Forse per questo chi giunge nella Valle delle Regine accanto a Luxor (l’antica Tebe), dalla visita alla sepoltura dedicata alla sposa di Ramesse II riceve non soltanto la visione di un'arte di squisita fattura, ma uno stimolo ad una riflessione sul destino ultimo dell'uomo.
L'ossessione dell'immortalità: forse in nessun popolo dell'antichità, come in quello egizio, troviamo 1'ansia di sopravvivere spinta a così alto grado. Permeando essa tutte le espressioni della vita, non aveva senso pertanto distinguere il sacro dal profano.

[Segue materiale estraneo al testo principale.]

Lemma coisometry_intertwine (T1 T2 : finType) (W : lmap T1 T2) (A : lmap T1 T1)
    (B : lmap T2 T2) :
  (forall x x', lcomp W (ladj W) x x' = lid x x') ->
  (forall y y', lcomp (ladj W) (lcomp A W) y y' = B y y') ->
  forall v x, lapply A (lapply W v) x = lapply W (lapply B v) x.
Proof.
move=> coisoW WAW v x; rewrite -[LHS]lapply_comp -[RHS]lapply_comp /lapply.
apply: eq_bigr => z _; congr (_ * _).
transitivity (\sum_x' lcomp W (ladj W) x x' * lcomp A W x' z).
  by under eq_bigr do rewrite coisoW; rewrite lid_sum.
rewrite [RHS]/lcomp; under [RHS]eq_bigr do rewrite -WAW.
rewrite /lcomp /ladj; under [LHS]eq_bigr => x' _ do rewrite mulr_suml.
rewrite exchange_big; apply: eq_bigr => y _; rewrite mulr_sumr.
by apply: eq_bigr => x' _; rewrite mulrA.
Qed.

Lemma coisometry_tight_frame (T1 T2 S : finType) (P : pred S) (W : lmap T1 T2)
    (w : S -> T2 -> algC) :
  (forall x x', lcomp W (ladj W) x x' = lid x x') ->
  (forall y y', \sum_(s | P s) w s y * (w s y')^* = lid y y') ->
  forall x x', \sum_(s | P s) lapply W (w s) x * (lapply W (w s) x')^* = lid x x'.
Proof.
move=> coisoW frame x x'; rewrite -coisoW /lcomp /ladj /lapply.
transitivity (\sum_y W x y * \sum_y' (W x' y')^* * \sum_(s | P s) w s y * (w s y')^*).
  under eq_bigr do rewrite rmorph_sum big_distrlr.
  rewrite exchange_big; apply: eq_bigr => y _; rewrite exchange_big mulr_sumr.
  apply: eq_bigr => y' _; rewrite !mulr_sumr.
  by apply: eq_bigr => s _; rewrite rmorphM /=; ring.
apply: eq_bigr => y _; congr (_ * _).
by under eq_bigr do rewrite frame mulrC; rewrite lid_sum.
Qed.

Lemma inner_rank1 (T : finType) (v z : T -> algC) :
  inner z (lapply (fun x y => v x * (v y)^*) z) = (inner v z)^* * inner v z.
Proof.
rewrite /inner /lapply rmorph_sum mulr_suml; apply: eq_bigr => x _.
rewrite rmorphM /= conjCK !mulr_sumr; apply: eq_bigr => y _; ring.
Qed.

Lemma psd_rank1 (T : finType) (v : T -> algC) : psd (fun x y => v x * (v y)^*).
Proof. by move=> z; rewrite inner_rank1 mulrC mul_conjC_ge0. Qed.

Lemma tens_id_isometry n m (A : 'M[algC]_n) : unitary_mx A ->
  forall y y', lcomp (ladj (@tens_id n m A)) (tens_id A) y y' = lid y y'.
Proof.
move=> uA [y1 y2] [y1' y2']; rewrite /lcomp /ladj /tens_id /lid /=.
rewrite -(pair_bigA _ (fun x1 x2 =>
  (A x1 y1 * (x2 == y2)%:R)^* * (A x1 y1' * (x2 == y2')%:R))) /=.
transitivity (\sum_x1 (A x1 y1)^* * A x1 y1' * (y2 == y2')%:R).
  apply: eq_bigr => x1 _; rewrite (bigD1 y2) //= big1 => [|x2 /negbTE x2y2].
    by rewrite eqxx addr0 rmorphM /= conjC1; ring.
  by rewrite x2y2 !(mulr0, conjC0, mul0r).
rewrite -mulr_suml xpair_eqE -mulnb natrM; congr (_ * _).
have /matrixP /(_ y1 y1') := mulmx1C uA; rewrite !mxE => <-.
by apply: eq_bigr => j _; rewrite !mxE.
Qed.

Definition dsum_ix (I : finType) (d : I -> nat) (i : I) (j k : 'I_(d i)) : dsum_idx d :=
  Tagged (fun i => ('I_(d i) * 'I_(d i))%type) (j, k).
Arguments dsum_ix {I d} i j k.

Definition dsum_block (I : finType) (d : I -> nat) (v : dsum_idx d -> algC) (i : I) :
  'M[algC]_(d i) := \matrix_(j, k) v (dsum_ix i j k).

Section DirectSum.

Variables (I : finType) (d : I -> nat).

Lemma big_dsum (F : dsum_idx d -> algC) :
  \sum_x F x = \sum_i \sum_j \sum_k F (dsum_ix i j k).
Proof.
transitivity (\sum_i \sum_(p : ('I_(d i) * 'I_(d i))%type) F (dsum_ix i p.1 p.2)).
  rewrite (@sig_big_dep _ _ _ I (fun i => ('I_(d i) * 'I_(d i))%type) xpredT
    (fun i => xpredT) (fun i p => F (dsum_ix i p.1 p.2))).
  by apply: eq_bigr => -[i [j k]].
by apply: eq_bigr => i _; rewrite pair_bigA.
Qed.

Lemma dsum_ix_eq i j k j' k' :
  (dsum_ix i j k == dsum_ix i j' k' :> dsum_idx d) = (j == j') && (k == k').
Proof. by rewrite -tag_eqE /tag_eq /= eqxx tagged_asE xpair_eqE. Qed.

Lemma inner_dsum (v w : dsum_idx d -> algC) :
  inner v w = \sum_i \tr (dsum_block v i ^t* *m dsum_block w i).
Proof.
rewrite /inner big_dsum; apply: eq_bigr => i _; rewrite exchange_big.
by apply: eq_bigr => k _; rewrite !mxE; apply: eq_bigr => j _; rewrite !mxE.
Qed.

Lemma blk_tens_id_apply (A : forall i, 'M[algC]_(d i)) (v : dsum_idx d -> algC) i j k :
  lapply (blk_tens_id A) v (dsum_ix i j k) = (A i *m dsum_block v i) j k.
Proof.
rewrite /lapply big_dsum (bigD1 i) //= [X in _ + X]big1 => [|i' i'i]; last first.
  rewrite big1 // => j' _; rewrite big1 // => k' _.
  by rewrite /blk_tens_id /= eq_sym (negbTE i'i) mul0r.
rewrite addr0 mxE; apply: eq_bigr => j' _.
rewrite (bigD1 k) //= [X in _ + X]big1 => [|k' k'k]; last first.
  by rewrite /blk_tens_id /= eqxx val_eqE eq_sym (negbTE k'k) mulr0 mul0r.
by rewrite /blk_tens_id /= eqxx /mxnat !valK eqxx mulr1 addr0 mxE.
Qed.

Lemma blk_orbit_tight_frame (gT : finGroupType) (G : {group gT})
    (rho : forall i, mx_representation algC G (d i)) (w : dsum_idx d -> algC) :
  (forall i, mx_irreducible (rho i)) -> (forall i, unitary_repr (rho i)) ->
  (forall i i', mx_rsim (rho i) (rho i') -> i = i') ->
  (forall i, dsum_block w i ^t* *m dsum_block w i = ((d i)%:R / #|G|%:R)%:M) ->
  forall x x', \sum_(g in G) lapply (blk_tens_id (fun i => rho i g)) w x
                 * (lapply (blk_tens_id (fun i => rho i g)) w x')^* = lid x x'.
Proof.
move=> irr ur inequiv gram [i [j k]] [i' [j' k']].
change (existT _ i (j, k)) with (dsum_ix i j k).
change (existT _ i' (j', k')) with (dsum_ix i' j' k').
pose X := col k (dsum_block w i) *m (col k' (dsum_block w i')) ^t*.
transitivity (twirl (rho i) (rho i') X j j').
  rewrite twirl_rank1 summxE; apply: eq_bigr => g _.
  rewrite !blk_tens_id_apply !mxE big_ord1 !mxE.
  by congr (_ * conjC _); apply: eq_bigr => l _; rewrite !mxE.
have [ii'|ii'] := eqVneq i i'; last first.
  rewrite twirl_inequiv // => [|/inequiv /eqP]; last by rewrite (negbTE ii').
  by rewrite mxE /lid; case: eqP => // /(congr1 tag) /eqP; rewrite (negbTE ii').
subst i'; rewrite twirl_irr // mxtrace_mulC /lid dsum_ix_eq.
set Y := dsum_block w i.
have -> : \tr ((col k' Y) ^t* *m col k Y) = (Y ^t* *m Y) k' k.
  by rewrite /mxtrace big_ord1 !mxE; apply: eq_bigr => l _; rewrite !mxE.
have d_gt0 : (0 < d i)%N by case/mx_irrP: (irr i).
have G_neq0 : #|G|%:R != 0 :> algC by rewrite pnatr_eq0 -lt0n cardG_gt0.
have d_neq0 : (d i)%:R != 0 :> algC by rewrite pnatr_eq0 -lt0n.
rewrite gram !mxE eq_sym; case: (j =P j'); case: (k =P k') => _ _ //=;
  rewrite ?mulr0n ?mulr1n ?mulr0 ?mul0r //.
by field; apply/andP.
Qed.

Section PsiDsum.

Variables (Psi Phi : forall i, 'M[algC]_(d i)).
Hypotheses (d_gt0 : forall i, (0 < d i)%N).
Hypotheses (uPsi : forall i, unitary_mx (Psi i)) (uPhi : forall i, unitary_mx (Phi i)).

Lemma dsum_block_psi_dsum (a : I -> algC) i :
  dsum_block (psi_dsum a Psi Phi) i = (a i / sqrtC (d i)%:R) *: (Psi i *m (Phi i)^T).
Proof.
apply/matrixP => j k; rewrite !mxE; congr (_ * _).
by apply: eq_bigr => l _; rewrite mxE.
Qed.

Lemma gram_psi_dsum (b a : I -> algC) i :
  dsum_block (psi_dsum b Psi Phi) i ^t* *m dsum_block (psi_dsum a Psi Phi) i
    = ((b i)^* * a i / (d i)%:R)%:M.
Proof.
rewrite !dsum_block_psi_dsum trmxCZ -scalemxAl -scalemxAr maxent_isometry //.
rewrite scalerA scalemx1; congr (_%:M).
rewrite rmorphM fmorphV /= [(sqrtC _)^*]geC0_conj ?sqrtC_ge0 ?ler0n //.
have sqrt_d0 : sqrtC (d i)%:R != 0 :> algC by rewrite sqrtC_eq0 pnatr_eq0 -lt0n d_gt0.
by rewrite -[in RHS](sqrtCK (d i)%:R); field.
Qed.

Lemma gram_psi_dsum_tight (b : I -> algC) (c : algC) i : 0 < c ->
  `|b i| = (d i)%:R / sqrtC c ->
  dsum_block (psi_dsum b Psi Phi) i ^t* *m dsum_block (psi_dsum b Psi Phi) i
    = ((d i)%:R / c)%:M.
Proof.
move=> c_gt0 normb; rewrite gram_psi_dsum [(b i)^* * _]mulrC -normCK normb.
rewrite expr_div_n sqrtCK.
have d_neq0 : (d i)%:R != 0 :> algC by rewrite pnatr_eq0 -lt0n d_gt0.
by congr (_%:M); field; rewrite d_neq0 lt0r_neq0.
Qed.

Se in Egitto la dottrina della resurrezione si applicava inizialmente solo al dio Osiri, ucciso e riportato in vita, e quindi ai faraoni, specie dal Periodo Medio in poi chiunque, fino all'ultimo schiavo, poteva e doveva cercare di meritare il passaggio all'eternità, dedicando cure speciali al proprio corpo dopo la morte.
Solo in apparenza però ciò riusciva meglio ai faraoni, che pure disponevano dei mezzi per ogni più ingegnoso accorgimento atto ad assicurare loro la sopravvivenza ultraterrena. In realtà i favolosi tesori di cui si circondavano anche da morti esercitavano un troppo potente richiamo sui violatori di tombe, i quali già nell'antichità, per impossessarsene, sfidavano i più tremendi castighi. Ecco perché
solo pochissime tombe sono pervenute intatte fino ai giorni nostri. Più fortunati, almeno sotto questo aspetto, i poveri i cui miseri sepolcri venivano lasciati in pace.
Neppure la tomba di Nefertari sfuggì alle depredazioni. E quando Ernesto Schiaparelli, capo della missione italiana in Egitto e direttore del Museo Egizio di Torino, la scoprì nel 1904, si trovò davanti ad uno spettacolo desolante: spezzato il sarcofago di granito, scomparsa la mummia con le ingenti ricchezze che non potevano mancare accanto a tanto personaggio, restava per fortuna il tesoro forse più prezioso: gli affreschi murali, ritenuti fra i risultati più alti dell'arte egizia, già allora però ridotti in uno stato deplorevole a causa dell'umidità.
Dei pochissimi oggetti del corredo funebre di Nefertari che l'archeologo italiano poté recuperare, sparsi poi in vari musei del mondo, due sono forse i più toccanti: un anello di corniola rossa con incisi i nomi della regina e di Ramesse II, e un paio di sandali di fibre vegetali. Fragili sandali miracolosamente intatti, che alludono meglio di ogni altro reperto al viaggio che «colei per la quale splende il sole» fece verso il regno di Osiri.